Scan the material for the word "with", then return every line where it appears.

--

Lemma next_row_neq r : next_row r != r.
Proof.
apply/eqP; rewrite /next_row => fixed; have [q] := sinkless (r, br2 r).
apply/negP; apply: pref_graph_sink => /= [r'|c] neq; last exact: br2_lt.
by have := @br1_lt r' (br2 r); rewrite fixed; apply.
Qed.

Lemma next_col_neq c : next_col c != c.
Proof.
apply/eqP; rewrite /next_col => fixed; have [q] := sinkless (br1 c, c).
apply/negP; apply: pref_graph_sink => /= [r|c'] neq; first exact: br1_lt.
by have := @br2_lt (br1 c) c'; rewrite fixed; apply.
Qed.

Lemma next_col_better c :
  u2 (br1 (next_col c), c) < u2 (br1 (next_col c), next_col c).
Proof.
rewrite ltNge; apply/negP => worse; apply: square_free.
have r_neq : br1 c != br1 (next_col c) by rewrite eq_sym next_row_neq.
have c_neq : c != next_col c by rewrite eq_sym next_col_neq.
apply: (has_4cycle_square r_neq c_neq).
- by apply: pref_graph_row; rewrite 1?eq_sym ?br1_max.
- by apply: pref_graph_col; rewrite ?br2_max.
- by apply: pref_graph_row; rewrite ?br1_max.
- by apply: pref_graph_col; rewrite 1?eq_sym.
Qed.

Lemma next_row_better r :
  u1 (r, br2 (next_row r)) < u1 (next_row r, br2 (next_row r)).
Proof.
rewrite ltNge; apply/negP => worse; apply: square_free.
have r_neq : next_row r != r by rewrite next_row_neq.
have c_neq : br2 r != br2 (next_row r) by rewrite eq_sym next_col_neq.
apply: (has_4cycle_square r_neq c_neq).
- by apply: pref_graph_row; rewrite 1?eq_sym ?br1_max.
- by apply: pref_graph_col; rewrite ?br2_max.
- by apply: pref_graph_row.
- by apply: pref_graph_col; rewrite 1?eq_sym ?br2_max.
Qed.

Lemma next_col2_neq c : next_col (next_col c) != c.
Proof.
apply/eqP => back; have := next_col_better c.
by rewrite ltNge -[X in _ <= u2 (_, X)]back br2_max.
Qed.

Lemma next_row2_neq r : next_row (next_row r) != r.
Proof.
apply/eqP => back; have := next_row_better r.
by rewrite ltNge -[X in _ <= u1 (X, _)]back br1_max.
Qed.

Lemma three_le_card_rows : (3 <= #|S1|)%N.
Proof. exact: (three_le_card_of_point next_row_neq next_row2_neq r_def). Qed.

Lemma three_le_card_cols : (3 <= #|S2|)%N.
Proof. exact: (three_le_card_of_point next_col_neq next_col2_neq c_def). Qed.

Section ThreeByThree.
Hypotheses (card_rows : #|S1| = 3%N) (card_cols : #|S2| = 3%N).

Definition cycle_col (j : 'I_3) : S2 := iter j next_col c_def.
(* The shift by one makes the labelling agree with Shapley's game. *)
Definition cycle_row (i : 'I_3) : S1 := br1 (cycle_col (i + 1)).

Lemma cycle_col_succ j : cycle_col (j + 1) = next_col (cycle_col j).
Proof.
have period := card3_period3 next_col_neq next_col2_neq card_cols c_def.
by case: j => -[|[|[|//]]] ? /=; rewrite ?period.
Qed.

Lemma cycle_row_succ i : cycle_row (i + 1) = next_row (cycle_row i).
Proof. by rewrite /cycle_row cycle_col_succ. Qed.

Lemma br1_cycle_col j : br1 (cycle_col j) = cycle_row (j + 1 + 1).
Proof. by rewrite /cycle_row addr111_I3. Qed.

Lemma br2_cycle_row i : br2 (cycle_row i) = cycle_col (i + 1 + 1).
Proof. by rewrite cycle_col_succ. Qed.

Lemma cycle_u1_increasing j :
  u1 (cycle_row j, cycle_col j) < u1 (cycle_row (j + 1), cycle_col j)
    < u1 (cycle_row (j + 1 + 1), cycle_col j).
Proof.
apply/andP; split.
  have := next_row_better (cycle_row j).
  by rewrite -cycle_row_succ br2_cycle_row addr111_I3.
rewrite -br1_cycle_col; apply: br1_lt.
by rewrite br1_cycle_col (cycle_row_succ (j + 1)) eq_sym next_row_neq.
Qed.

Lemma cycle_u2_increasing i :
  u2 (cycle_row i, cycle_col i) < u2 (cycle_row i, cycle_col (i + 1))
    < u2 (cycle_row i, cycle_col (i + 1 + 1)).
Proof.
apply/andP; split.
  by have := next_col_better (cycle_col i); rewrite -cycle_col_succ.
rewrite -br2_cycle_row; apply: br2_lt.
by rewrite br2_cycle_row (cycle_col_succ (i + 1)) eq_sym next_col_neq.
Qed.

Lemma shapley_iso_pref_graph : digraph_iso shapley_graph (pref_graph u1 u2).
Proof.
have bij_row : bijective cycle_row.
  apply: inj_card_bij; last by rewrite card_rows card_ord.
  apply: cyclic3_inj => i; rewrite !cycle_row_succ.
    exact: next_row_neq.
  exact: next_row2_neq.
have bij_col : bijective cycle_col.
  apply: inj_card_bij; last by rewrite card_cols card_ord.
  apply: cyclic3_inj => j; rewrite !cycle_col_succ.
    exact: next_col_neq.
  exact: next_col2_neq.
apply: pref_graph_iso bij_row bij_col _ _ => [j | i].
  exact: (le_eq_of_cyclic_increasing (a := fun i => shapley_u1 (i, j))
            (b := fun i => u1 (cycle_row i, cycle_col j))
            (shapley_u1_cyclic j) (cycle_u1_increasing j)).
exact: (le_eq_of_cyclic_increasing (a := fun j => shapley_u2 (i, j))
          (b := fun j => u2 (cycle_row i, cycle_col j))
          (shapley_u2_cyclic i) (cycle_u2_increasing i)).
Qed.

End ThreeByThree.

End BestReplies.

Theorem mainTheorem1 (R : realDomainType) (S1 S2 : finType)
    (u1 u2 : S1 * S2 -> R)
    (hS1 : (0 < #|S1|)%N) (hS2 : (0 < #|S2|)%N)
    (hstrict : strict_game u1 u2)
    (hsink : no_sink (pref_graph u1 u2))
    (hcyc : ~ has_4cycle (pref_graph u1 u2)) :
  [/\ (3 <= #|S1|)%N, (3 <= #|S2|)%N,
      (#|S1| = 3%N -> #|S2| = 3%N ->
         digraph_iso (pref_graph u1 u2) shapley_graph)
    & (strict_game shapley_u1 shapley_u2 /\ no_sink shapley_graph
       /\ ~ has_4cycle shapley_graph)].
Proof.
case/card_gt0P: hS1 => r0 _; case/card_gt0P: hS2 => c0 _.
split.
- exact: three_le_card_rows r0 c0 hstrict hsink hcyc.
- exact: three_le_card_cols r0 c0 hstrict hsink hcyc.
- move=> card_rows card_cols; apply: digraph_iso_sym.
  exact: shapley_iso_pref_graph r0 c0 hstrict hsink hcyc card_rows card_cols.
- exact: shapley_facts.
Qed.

--

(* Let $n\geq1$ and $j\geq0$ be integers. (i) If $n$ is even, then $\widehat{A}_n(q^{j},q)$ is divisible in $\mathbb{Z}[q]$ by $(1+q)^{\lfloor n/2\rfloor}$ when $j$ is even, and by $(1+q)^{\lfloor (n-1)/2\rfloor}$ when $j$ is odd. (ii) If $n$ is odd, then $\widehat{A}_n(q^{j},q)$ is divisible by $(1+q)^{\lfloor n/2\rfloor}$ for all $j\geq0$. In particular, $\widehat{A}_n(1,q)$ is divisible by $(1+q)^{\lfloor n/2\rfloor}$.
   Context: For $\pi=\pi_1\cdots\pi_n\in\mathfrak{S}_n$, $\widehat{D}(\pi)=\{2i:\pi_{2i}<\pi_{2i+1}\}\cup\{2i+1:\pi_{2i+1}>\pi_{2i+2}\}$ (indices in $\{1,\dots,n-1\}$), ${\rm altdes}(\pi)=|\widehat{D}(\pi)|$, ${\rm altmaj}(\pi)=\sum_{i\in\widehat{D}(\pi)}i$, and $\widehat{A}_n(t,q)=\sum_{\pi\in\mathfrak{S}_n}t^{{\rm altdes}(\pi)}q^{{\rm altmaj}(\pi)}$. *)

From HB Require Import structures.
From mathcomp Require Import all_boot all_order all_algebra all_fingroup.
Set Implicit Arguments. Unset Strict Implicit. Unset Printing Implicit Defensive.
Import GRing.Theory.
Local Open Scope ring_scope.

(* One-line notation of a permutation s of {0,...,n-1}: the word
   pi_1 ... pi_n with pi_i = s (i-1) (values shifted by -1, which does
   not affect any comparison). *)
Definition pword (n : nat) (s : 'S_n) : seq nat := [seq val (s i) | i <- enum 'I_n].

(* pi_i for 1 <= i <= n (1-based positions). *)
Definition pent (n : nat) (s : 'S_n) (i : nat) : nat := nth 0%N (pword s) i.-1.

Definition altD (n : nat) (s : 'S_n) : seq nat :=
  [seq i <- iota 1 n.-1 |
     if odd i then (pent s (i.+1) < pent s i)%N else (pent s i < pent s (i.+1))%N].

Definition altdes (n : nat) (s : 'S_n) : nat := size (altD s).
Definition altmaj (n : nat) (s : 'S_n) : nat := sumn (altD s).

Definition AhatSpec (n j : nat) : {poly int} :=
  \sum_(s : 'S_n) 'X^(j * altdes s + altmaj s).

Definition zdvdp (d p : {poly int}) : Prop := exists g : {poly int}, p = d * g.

--

*Written answer*:
(* The shift by one makes the labelling agree with Shapley's game. *)
   pi_1 ... pi_n with pi_i = s (i-1) (values shifted by -1, which does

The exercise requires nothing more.